(Stored dataset items)

▬▬▬

Definition cabello_adj (x : 'I_18) : {set 'I_9} :=
  [set y | x \in [set cabello_basis y k | k : 'I_4]].

Lemma inner_cabello_vec x x' :
  inner (cabello_vec x) (cabello_vec x') = (cabello_dot x x')%:~R.
Proof.
rewrite innerE /cabello_dot -sum_ord_foldr rmorph_sum; apply: eq_bigr => i _.
by rewrite !mxE rmorph_int /= intrM.
Qed.

Lemma val_cabello_basis y k : val (cabello_basis y k) = cabello_member y k.
Proof. exact/inordK/(all_iota_ord (all_iota_ord cabello_members_bounded y)). Qed.

Lemma cabello_vec_neq0 x : inner (cabello_vec x) (cabello_vec x) != 0.
Proof.
by rewrite inner_cabello_vec intr_eq0 (all_iota_ord cabello_vectors_nonzero).
Qed.

Lemma cabello_basis_orthogonal y k l : k != l ->
  inner (cabello_vec (cabello_basis y k)) (cabello_vec (cabello_basis y l)) = 0.
Proof.
move=> neq_kl; rewrite inner_cabello_vec !val_cabello_basis.
have /all_iota_ord/(_ k)/all_iota_ord/(_ l) := all_iota_ord cabello_bases_orthogonal y.
by rewrite -val_eqE in neq_kl; rewrite (negPf neq_kl) => /eqP->.
Qed.

Lemma cabello_basis_inj y : injective (cabello_basis y).
Proof.
move=> k l eq_kl; apply/eqP/negPn/negP => /(cabello_basis_orthogonal y).
by rewrite eq_kl; apply/eqP; exact: cabello_vec_neq0.
Qed.

Lemma card_cabello_adj x : #|cabello_adj x| = 2%N.
Proof.
rewrite -[RHS](eqP (all_iota_ord cabello_incidence_two x)) -card_ord_count.
apply: eq_card => y; rewrite !inE has_iota_ord.
apply/imsetP/existsP => [[k _ ->] | [k /eqP eq_kx]]; exists k => //.
  by rewrite val_cabello_basis.
by apply: val_inj; rewrite val_cabello_basis.
Qed.

Definition cabello_channel := incidence_channel (isT : (0 < 2)%N) card_cabello_adj.

Lemma cabello_resolution y :
  \sum_(x | y \in Gamma cabello_channel x) proj_mx (cabello_vec x) = 1%:M.
Proof.
under eq_bigl do rewrite Gamma_incidence inE.
rewrite big_imset /=; last by move=> k l _ _; exact: cabello_basis_inj.
apply: sum_proj_mx_orthogonal => [k | k l]; first exact: cabello_vec_neq0.
exact: cabello_basis_orthogonal.
Qed.

Theorem theorem1 :
  exists (X Y : finType) (N : cchannel X Y) (d : nat),
    noisy N /\ (1 <= d)%N /\
    exists M : nat, (C0 N * d < M)%N /\ zero_error_code_parallel N d M.
Proof.
exists 'I_18, 'I_9, cabello_channel, 4%N.
split; first exact: incidence_channel_noisy ord0 _.
split=> //; exists #|'I_18|; split.
  have : (C0 cabello_channel * 2 <= #|'I_9|)%N by exact: C0_incidence.
  (* [set] merges two elaborations of [C0 cabello_channel] that lia would
     treat as distinct atoms. *)
  by rewrite !card_ord; set c := C0 cabello_channel; lia.
apply: projective_zero_error_code => [x | x | y]; last exact: cabello_resolution.
  exact: proj_mx_density (cabello_vec_neq0 x).
exact: proj_mx_idem (cabello_vec_neq0 x).
Qed.
Lemma d0_terms_adjacent g q r0 a b r1 v0 :
  g.1 = e1 -> q \in BB -> walk sB tB v0 (r0 ++ [:: a; b] ++ r1) ->
  [&& (b, rcons_path g b) \in C1, sB b == e1 & r0 ++ a :: g.2 ++ b :: r1 == q.2] =
  [&& (a, cons_path a g) \in C1, tB a == e1 & r0 ++ a :: g.2 ++ b :: r1 == q.2].
Proof.
move=> g1 qB; rewrite walk_cat => /andP[_] /= /and3P[_ /eqP ab _]; rewrite ab.
case: (tB a =P e1) => [ae1|]; last by rewrite !andbF.
case: q qB => qv ql qB; case: eqP => [/= qlE|]; last by rewrite !andbF.
rewrite !andbT !mem_C1 /parallel /pend /rcons_path /cons_path /= map_cat last_cat /= !eqxx.
have := qB; rewrite mem_BB -qlE => /and4P[_ _ + _].
rewrite walk_cat /= => /andP[_ /andP[_]]; rewrite walk_cat => /andP[walk_g /= /andP[/eqP bg _]].
rewrite -bg ab ae1 g1 eqxx andbT.
have rcons_B : (e1, g.2 ++ [:: b]) \in BB.
  apply: (BB_infix qB) => //; last by rewrite walk_cat -ae1 walk_g /= -bg ab eqxx.
  have -> : ql = (r0 ++ [:: a]) ++ (g.2 ++ [:: b]) ++ r1 by rewrite -qlE -!catA.
  exact: infix_infix.
have cons_B : (sB a, a :: g.2) \in BB.
  apply: (BB_infix qB); last by rewrite /= eqxx walk_g.
    by rewrite -qlE; exact: (infix_infix r0 (a :: g.2) (b :: r1)).
  exact: glue_neq_en.
by rewrite rcons_B cons_B.
Qed.

(* The end terms of the telescoping sums are γr and rγ, which contain the
   relation r and so are not basis paths. *)
Lemma delta0B_mul_delta1B (Z_walk : forall r, r \in Z -> exists v, walk s t v r) g :
  g.1 = e1 -> delta0B g *m delta1B = 0.
Proof.
move=> g1; apply/rowP => j; rewrite mxE [RHS]mxE.
under eq_bigr do rewrite delta0B_entry mxE mulrBl -!natrM.
rewrite sumrB -!natr_sum; apply/eqP; rewrite subr_eq0; apply/eqP; congr _%:R.
have := mem_tnth j (in_tuple C2); set y := tnth _ j.
rewrite -(big_tnth _ _ C1 (fun=> true) (fun x => d0_rcons g x * d1coef s x y)%N).
rewrite -(big_tnth _ _ C1 (fun=> true) (fun x => d0_cons g x * d1coef s x y)%N).
clearbody y; case: y => r q /allpairsPdep[r' [q' [rZB + [-> ->]]]] {r q}.
rewrite mem_filter => /andP[/andP[/eqP rq _] qB].
case: r' rZB rq => [|a0 r] rZB rq; first by rewrite !big1 // => x _; rewrite muln0.
have r'm : size (a0 :: r) = (size r).+1 by [].
move: (a0 :: r) rZB rq r'm => {}r' rZB rq r'm; set m := size r in r'm *.
have [v0 walk_r'] := ZB_walk Z_walk rZB.
rewrite (sum_C1_d1coef a0 (fun a => sB a == e1) (rcons_path g)).
rewrite (sum_C1_d1coef a0 (fun a => tB a == e1) (cons_path^~ g)) /= r'm.
apply: sum_nat_shift => [||i im]; rewrite !replace_eq //=.
- rewrite take0 -catA /= -(drop_nth a0) ?r'm // drop0 -[X in g.2 ++ X]cats0.
  by rewrite BB_neq_infix_ZB ?andbF.
- rewrite drop_oversize ?r'm // cats0 -cat1s catA cats1 -take_nth ?r'm //.
  by rewrite take_oversize ?r'm // -[r' ++ _]cat0s BB_neq_infix_ZB ?andbF.
have ir' : (i.+1 < size r')%N by rewrite r'm.
have walk_split : walk sB tB v0 (take i r' ++ [:: nth a0 r' i; nth a0 r' i.+1] ++ drop i.+2 r').
  by rewrite /= -(drop_nth a0 ir') -(drop_nth a0 (ltnW ir')) cat_take_drop.
rewrite (take_nth a0) ?(ltnW ir') // (drop_nth a0 ir') -cats1 -!catA /=.
by rewrite (d0_terms_adjacent g1 qB walk_split).
Qed.

Local Notation special_path := (special_path k s t Z N).
Local Notation special_pairs := (special_pairs s t Z N).
Local Notation spp_span := (spp_span k s t Z N).
Local Notation basis_vec := (basis_vec k s t Z N).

▬▬▬

# [PROBLEM DESCRIPTION]
Type out the records above again, exactly the same.

# [EXERCISE ANSWER]
Definition cabello_adj (x : 'I_18) : {set 'I_9} :=
  [set y | x \in [set cabello_basis y k | k : 'I_4]].

Lemma inner_cabello_vec x x' :
  inner (cabello_vec x) (cabello_vec x') = (cabello_dot x x')%:~R.
Proof.
rewrite innerE /cabello_dot -sum_ord_foldr rmorph_sum; apply: eq_bigr => i _.
by rewrite !mxE rmorph_int /= intrM.
Qed.

Lemma val_cabello_basis y k : val (cabello_basis y k) = cabello_member y k.
Proof. exact/inordK/(all_iota_ord (all_iota_ord cabello_members_bounded y)). Qed.

Lemma cabello_vec_neq0 x : inner (cabello_vec x) (cabello_vec x) != 0.
Proof.
by rewrite inner_cabello_vec intr_eq0 (all_iota_ord cabello_vectors_nonzero).
Qed.

Lemma cabello_basis_orthogonal y k l : k != l ->
  inner (cabello_vec (cabello_basis y k)) (cabello_vec (cabello_basis y l)) = 0.
Proof.
move=> neq_kl; rewrite inner_cabello_vec !val_cabello_basis.
have /all_iota_ord/(_ k)/all_iota_ord/(_ l) := all_iota_ord cabello_bases_orthogonal y.
by rewrite -val_eqE in neq_kl; rewrite (negPf neq_kl) => /eqP->.
Qed.

Lemma cabello_basis_inj y : injective (cabello_basis y).
Proof.
move=> k l eq_kl; apply/eqP/negPn/negP => /(cabello_basis_orthogonal y).
by rewrite eq_kl; apply/eqP; exact: cabello_vec_neq0.
Qed.

Lemma card_cabello_adj x : #|cabello_adj x| = 2%N.
Proof.
rewrite -[RHS](eqP (all_iota_ord cabello_incidence_two x)) -card_ord_count.
apply: eq_card => y; rewrite !inE has_iota_ord.
apply/imsetP/existsP => [[k _ ->] | [k /eqP eq_kx]]; exists k => //.
  by rewrite val_cabello_basis.
by apply: val_inj; rewrite val_cabello_basis.
Qed.

Definition cabello_channel := incidence_channel (isT : (0 < 2)%N) card_cabello_adj.

Lemma cabello_resolution y :
  \sum_(x | y \in Gamma cabello_channel x) proj_mx (cabello_vec x) = 1%:M.
Proof.
under eq_bigl do rewrite Gamma_incidence inE.
rewrite big_imset /=; last by move=> k l _ _; exact: cabello_basis_inj.
apply: sum_proj_mx_orthogonal => [k | k l]; first exact: cabello_vec_neq0.
exact: cabello_basis_orthogonal.
Qed.

Theorem theorem1 :
  exists (X Y : finType) (N : cchannel X Y) (d : nat),
    noisy N /\ (1 <= d)%N /\
    exists M : nat, (C0 N * d < M)%N /\ zero_error_code_parallel N d M.
Proof.
exists 'I_18, 'I_9, cabello_channel, 4%N.
split; first exact: incidence_channel_noisy ord0 _.
split=> //; exists #|'I_18|; split.
  have : (C0 cabello_channel * 2 <= #|'I_9|)%N by exact: C0_incidence.
  (* [set] merges two elaborations of [C0 cabello_channel] that lia would
     treat as distinct atoms. *)
  by rewrite !card_ord; set c := C0 cabello_channel; lia.
apply: projective_zero_error_code => [x | x | y]; last exact: cabello_resolution.
  exact: proj_mx_density (cabello_vec_neq0 x).
exact: proj_mx_idem (cabello_vec_neq0 x).
Qed.
Lemma d0_terms_adjacent g q r0 a b r1 v0 :
  g.1 = e1 -> q \in BB -> walk sB tB v0 (r0 ++ [:: a; b] ++ r1) ->
  [&& (b, rcons_path g b) \in C1, sB b == e1 & r0 ++ a :: g.2 ++ b :: r1 == q.2] =
  [&& (a, cons_path a g) \in C1, tB a == e1 & r0 ++ a :: g.2 ++ b :: r1 == q.2].
Proof.
move=> g1 qB; rewrite walk_cat => /andP[_] /= /and3P[_ /eqP ab _]; rewrite ab.
case: (tB a =P e1) => [ae1|]; last by rewrite !andbF.
case: q qB => qv ql qB; case: eqP => [/= qlE|]; last by rewrite !andbF.
rewrite !andbT !mem_C1 /parallel /pend /rcons_path /cons_path /= map_cat last_cat /= !eqxx.
have := qB; rewrite mem_BB -qlE => /and4P[_ _ + _].
rewrite walk_cat /= => /andP[_ /andP[_]]; rewrite walk_cat => /andP[walk_g /= /andP[/eqP bg _]].
rewrite -bg ab ae1 g1 eqxx andbT.
have rcons_B : (e1, g.2 ++ [:: b]) \in BB.
  apply: (BB_infix qB) => //; last by rewrite walk_cat -ae1 walk_g /= -bg ab eqxx.
  have -> : ql = (r0 ++ [:: a]) ++ (g.2 ++ [:: b]) ++ r1 by rewrite -qlE -!catA.
  exact: infix_infix.
have cons_B : (sB a, a :: g.2) \in BB.
  apply: (BB_infix qB); last by rewrite /= eqxx walk_g.
    by rewrite -qlE; exact: (infix_infix r0 (a :: g.2) (b :: r1)).
  exact: glue_neq_en.
by rewrite rcons_B cons_B.
Qed.

(* The end terms of the telescoping sums are γr and rγ, which contain the
   relation r and so are not basis paths. *)
Lemma delta0B_mul_delta1B (Z_walk : forall r, r \in Z -> exists v, walk s t v r) g :
  g.1 = e1 -> delta0B g *m delta1B = 0.
Proof.
move=> g1; apply/rowP => j; rewrite mxE [RHS]mxE.
under eq_bigr do rewrite delta0B_entry mxE mulrBl -!natrM.
rewrite sumrB -!natr_sum; apply/eqP; rewrite subr_eq0; apply/eqP; congr _%:R.
have := mem_tnth j (in_tuple C2); set y := tnth _ j.
rewrite -(big_tnth _ _ C1 (fun=> true) (fun x => d0_rcons g x * d1coef s x y)%N).
rewrite -(big_tnth _ _ C1 (fun=> true) (fun x => d0_cons g x * d1coef s x y)%N).
clearbody y; case: y => r q /allpairsPdep[r' [q' [rZB + [-> ->]]]] {r q}.
rewrite mem_filter => /andP[/andP[/eqP rq _] qB].
case: r' rZB rq => [|a0 r] rZB rq; first by rewrite !big1 // => x _; rewrite muln0.
have r'm : size (a0 :: r) = (size r).+1 by [].
move: (a0 :: r) rZB rq r'm => {}r' rZB rq r'm; set m := size r in r'm *.
have [v0 walk_r'] := ZB_walk Z_walk rZB.
rewrite (sum_C1_d1coef a0 (fun a => sB a == e1) (rcons_path g)).
rewrite (sum_C1_d1coef a0 (fun a => tB a == e1) (cons_path^~ g)) /= r'm.
apply: sum_nat_shift => [||i im]; rewrite !replace_eq //=.
- rewrite take0 -catA /= -(drop_nth a0) ?r'm // drop0 -[X in g.2 ++ X]cats0.
  by rewrite BB_neq_infix_ZB ?andbF.
- rewrite drop_oversize ?r'm // cats0 -cat1s catA cats1 -take_nth ?r'm //.
  by rewrite take_oversize ?r'm // -[r' ++ _]cat0s BB_neq_infix_ZB ?andbF.
have ir' : (i.+1 < size r')%N by rewrite r'm.
have walk_split : walk sB tB v0 (take i r' ++ [:: nth a0 r' i; nth a0 r' i.+1] ++ drop i.+2 r').
  by rewrite /= -(drop_nth a0 ir') -(drop_nth a0 (ltnW ir')) cat_take_drop.
rewrite (take_nth a0) ?(ltnW ir') // (drop_nth a0 ir') -cats1 -!catA /=.
by rewrite (d0_terms_adjacent g1 qB walk_split).
Qed.

Local Notation special_path := (special_path k s t Z N).
Local Notation special_pairs := (special_pairs s t Z N).
Local Notation spp_span := (spp_span k s t Z N).
Local Notation basis_vec := (basis_vec k s t Z N).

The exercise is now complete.